Go through the listing below and output exactly the line with "set (B := B1", the line with "Lemma derivable_pt_lim_eps f", and each line between; omit the rest.

[Start of Attachment]

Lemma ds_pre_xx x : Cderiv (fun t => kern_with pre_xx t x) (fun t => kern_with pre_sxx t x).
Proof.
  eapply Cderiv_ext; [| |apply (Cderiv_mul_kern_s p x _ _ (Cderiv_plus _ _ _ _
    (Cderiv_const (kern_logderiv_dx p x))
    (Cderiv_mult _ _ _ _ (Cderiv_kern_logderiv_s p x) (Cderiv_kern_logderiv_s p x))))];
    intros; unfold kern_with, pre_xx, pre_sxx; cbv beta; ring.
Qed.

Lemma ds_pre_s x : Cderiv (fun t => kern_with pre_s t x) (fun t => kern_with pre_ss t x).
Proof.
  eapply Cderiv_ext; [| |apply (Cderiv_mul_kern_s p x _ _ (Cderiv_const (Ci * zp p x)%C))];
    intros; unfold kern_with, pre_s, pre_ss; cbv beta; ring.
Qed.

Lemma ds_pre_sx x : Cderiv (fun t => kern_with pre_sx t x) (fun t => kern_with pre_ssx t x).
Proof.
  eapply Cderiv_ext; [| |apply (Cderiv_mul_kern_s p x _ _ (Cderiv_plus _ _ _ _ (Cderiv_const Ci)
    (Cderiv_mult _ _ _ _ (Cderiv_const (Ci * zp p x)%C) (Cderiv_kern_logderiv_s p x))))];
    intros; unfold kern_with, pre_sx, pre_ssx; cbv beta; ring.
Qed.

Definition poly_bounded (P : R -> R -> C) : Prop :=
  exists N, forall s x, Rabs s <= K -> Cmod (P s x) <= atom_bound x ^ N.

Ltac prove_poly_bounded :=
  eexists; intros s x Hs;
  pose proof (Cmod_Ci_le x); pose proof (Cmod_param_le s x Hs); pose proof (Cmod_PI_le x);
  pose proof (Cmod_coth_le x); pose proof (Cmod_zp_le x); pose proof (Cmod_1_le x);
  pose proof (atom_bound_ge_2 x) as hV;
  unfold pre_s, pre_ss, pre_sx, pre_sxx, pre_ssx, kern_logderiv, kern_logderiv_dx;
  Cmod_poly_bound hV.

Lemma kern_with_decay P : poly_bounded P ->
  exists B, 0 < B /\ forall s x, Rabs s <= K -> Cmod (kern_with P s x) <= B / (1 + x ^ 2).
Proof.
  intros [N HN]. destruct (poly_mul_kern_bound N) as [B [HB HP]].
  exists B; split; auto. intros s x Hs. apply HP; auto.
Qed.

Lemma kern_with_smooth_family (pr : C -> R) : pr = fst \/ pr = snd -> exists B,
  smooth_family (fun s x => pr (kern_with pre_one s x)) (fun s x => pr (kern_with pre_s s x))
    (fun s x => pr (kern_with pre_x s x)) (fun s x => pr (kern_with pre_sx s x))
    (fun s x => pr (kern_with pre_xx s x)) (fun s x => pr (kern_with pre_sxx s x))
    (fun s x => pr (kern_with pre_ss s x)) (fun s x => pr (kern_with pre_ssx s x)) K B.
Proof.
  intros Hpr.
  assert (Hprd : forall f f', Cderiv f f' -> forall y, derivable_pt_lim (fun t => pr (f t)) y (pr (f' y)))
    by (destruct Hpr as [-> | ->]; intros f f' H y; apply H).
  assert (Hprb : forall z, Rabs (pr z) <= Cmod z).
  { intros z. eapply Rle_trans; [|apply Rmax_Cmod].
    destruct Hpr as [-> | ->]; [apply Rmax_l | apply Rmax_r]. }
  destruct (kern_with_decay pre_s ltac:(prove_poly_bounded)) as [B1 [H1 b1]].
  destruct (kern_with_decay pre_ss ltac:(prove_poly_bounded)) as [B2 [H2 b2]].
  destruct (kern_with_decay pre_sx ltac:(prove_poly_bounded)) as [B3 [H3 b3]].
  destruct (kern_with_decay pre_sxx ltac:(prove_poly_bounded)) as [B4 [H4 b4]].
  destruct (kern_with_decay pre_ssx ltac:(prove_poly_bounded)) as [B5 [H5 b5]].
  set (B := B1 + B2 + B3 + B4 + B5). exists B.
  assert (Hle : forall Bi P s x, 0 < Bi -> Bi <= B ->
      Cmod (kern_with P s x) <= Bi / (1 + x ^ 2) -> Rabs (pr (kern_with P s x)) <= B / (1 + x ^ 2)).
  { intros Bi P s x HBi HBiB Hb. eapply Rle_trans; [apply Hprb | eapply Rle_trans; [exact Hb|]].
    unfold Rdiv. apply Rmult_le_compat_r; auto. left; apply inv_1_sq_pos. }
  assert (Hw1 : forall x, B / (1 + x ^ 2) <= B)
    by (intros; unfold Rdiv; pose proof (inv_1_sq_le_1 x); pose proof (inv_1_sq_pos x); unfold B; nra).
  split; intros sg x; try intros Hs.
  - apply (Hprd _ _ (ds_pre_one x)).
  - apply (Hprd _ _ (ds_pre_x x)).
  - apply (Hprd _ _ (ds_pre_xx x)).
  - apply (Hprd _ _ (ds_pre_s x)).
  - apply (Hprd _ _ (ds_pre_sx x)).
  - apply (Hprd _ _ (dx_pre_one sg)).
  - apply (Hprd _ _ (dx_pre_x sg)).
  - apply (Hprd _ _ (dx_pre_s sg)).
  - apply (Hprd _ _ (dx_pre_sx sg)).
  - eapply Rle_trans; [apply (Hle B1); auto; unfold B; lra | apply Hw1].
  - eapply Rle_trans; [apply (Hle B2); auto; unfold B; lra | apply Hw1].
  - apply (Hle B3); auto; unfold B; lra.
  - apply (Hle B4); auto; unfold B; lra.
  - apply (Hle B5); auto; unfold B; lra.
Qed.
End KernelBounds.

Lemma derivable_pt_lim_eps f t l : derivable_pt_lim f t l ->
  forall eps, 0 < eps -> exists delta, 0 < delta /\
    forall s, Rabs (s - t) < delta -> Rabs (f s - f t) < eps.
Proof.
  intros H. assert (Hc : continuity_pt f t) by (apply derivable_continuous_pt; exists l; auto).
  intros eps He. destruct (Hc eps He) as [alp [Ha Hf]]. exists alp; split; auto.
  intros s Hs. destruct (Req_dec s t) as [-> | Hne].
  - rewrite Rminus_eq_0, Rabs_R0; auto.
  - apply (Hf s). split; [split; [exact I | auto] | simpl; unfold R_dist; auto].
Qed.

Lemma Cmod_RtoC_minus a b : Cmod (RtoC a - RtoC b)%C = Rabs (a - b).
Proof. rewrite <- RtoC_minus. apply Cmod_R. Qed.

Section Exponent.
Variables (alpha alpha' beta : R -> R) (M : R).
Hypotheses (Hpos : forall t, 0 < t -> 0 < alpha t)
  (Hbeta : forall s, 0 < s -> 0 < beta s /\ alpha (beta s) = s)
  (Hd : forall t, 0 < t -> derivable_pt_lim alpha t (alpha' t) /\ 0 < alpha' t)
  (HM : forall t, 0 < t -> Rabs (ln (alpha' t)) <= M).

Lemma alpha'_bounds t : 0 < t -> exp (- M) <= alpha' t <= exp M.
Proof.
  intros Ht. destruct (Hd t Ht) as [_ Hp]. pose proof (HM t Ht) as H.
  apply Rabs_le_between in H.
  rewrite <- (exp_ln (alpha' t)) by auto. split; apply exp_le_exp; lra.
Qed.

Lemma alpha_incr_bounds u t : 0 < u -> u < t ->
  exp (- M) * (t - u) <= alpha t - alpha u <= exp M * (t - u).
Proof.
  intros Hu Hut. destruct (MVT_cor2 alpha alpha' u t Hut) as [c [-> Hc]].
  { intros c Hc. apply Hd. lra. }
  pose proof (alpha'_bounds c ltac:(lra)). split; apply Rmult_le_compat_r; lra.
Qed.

[End of Attachment]

Exercise response ▸
  set (B := B1 + B2 + B3 + B4 + B5). exists B.
  assert (Hle : forall Bi P s x, 0 < Bi -> Bi <= B ->
      Cmod (kern_with P s x) <= Bi / (1 + x ^ 2) -> Rabs (pr (kern_with P s x)) <= B / (1 + x ^ 2)).
  { intros Bi P s x HBi HBiB Hb. eapply Rle_trans; [apply Hprb | eapply Rle_trans; [exact Hb|]].
    unfold Rdiv. apply Rmult_le_compat_r; auto. left; apply inv_1_sq_pos. }
  assert (Hw1 : forall x, B / (1 + x ^ 2) <= B)
    by (intros; unfold Rdiv; pose proof (inv_1_sq_le_1 x); pose proof (inv_1_sq_pos x); unfold B; nra).
  split; intros sg x; try intros Hs.
  - apply (Hprd _ _ (ds_pre_one x)).
  - apply (Hprd _ _ (ds_pre_x x)).
  - apply (Hprd _ _ (ds_pre_xx x)).
  - apply (Hprd _ _ (ds_pre_s x)).
  - apply (Hprd _ _ (ds_pre_sx x)).
  - apply (Hprd _ _ (dx_pre_one sg)).
  - apply (Hprd _ _ (dx_pre_x sg)).
  - apply (Hprd _ _ (dx_pre_s sg)).
  - apply (Hprd _ _ (dx_pre_sx sg)).
  - eapply Rle_trans; [apply (Hle B1); auto; unfold B; lra | apply Hw1].
  - eapply Rle_trans; [apply (Hle B2); auto; unfold B; lra | apply Hw1].
  - apply (Hle B3); auto; unfold B; lra.
  - apply (Hle B4); auto; unfold B; lra.
  - apply (Hle B5); auto; unfold B; lra.
Qed.
End KernelBounds.

Lemma derivable_pt_lim_eps f t l : derivable_pt_lim f t l ->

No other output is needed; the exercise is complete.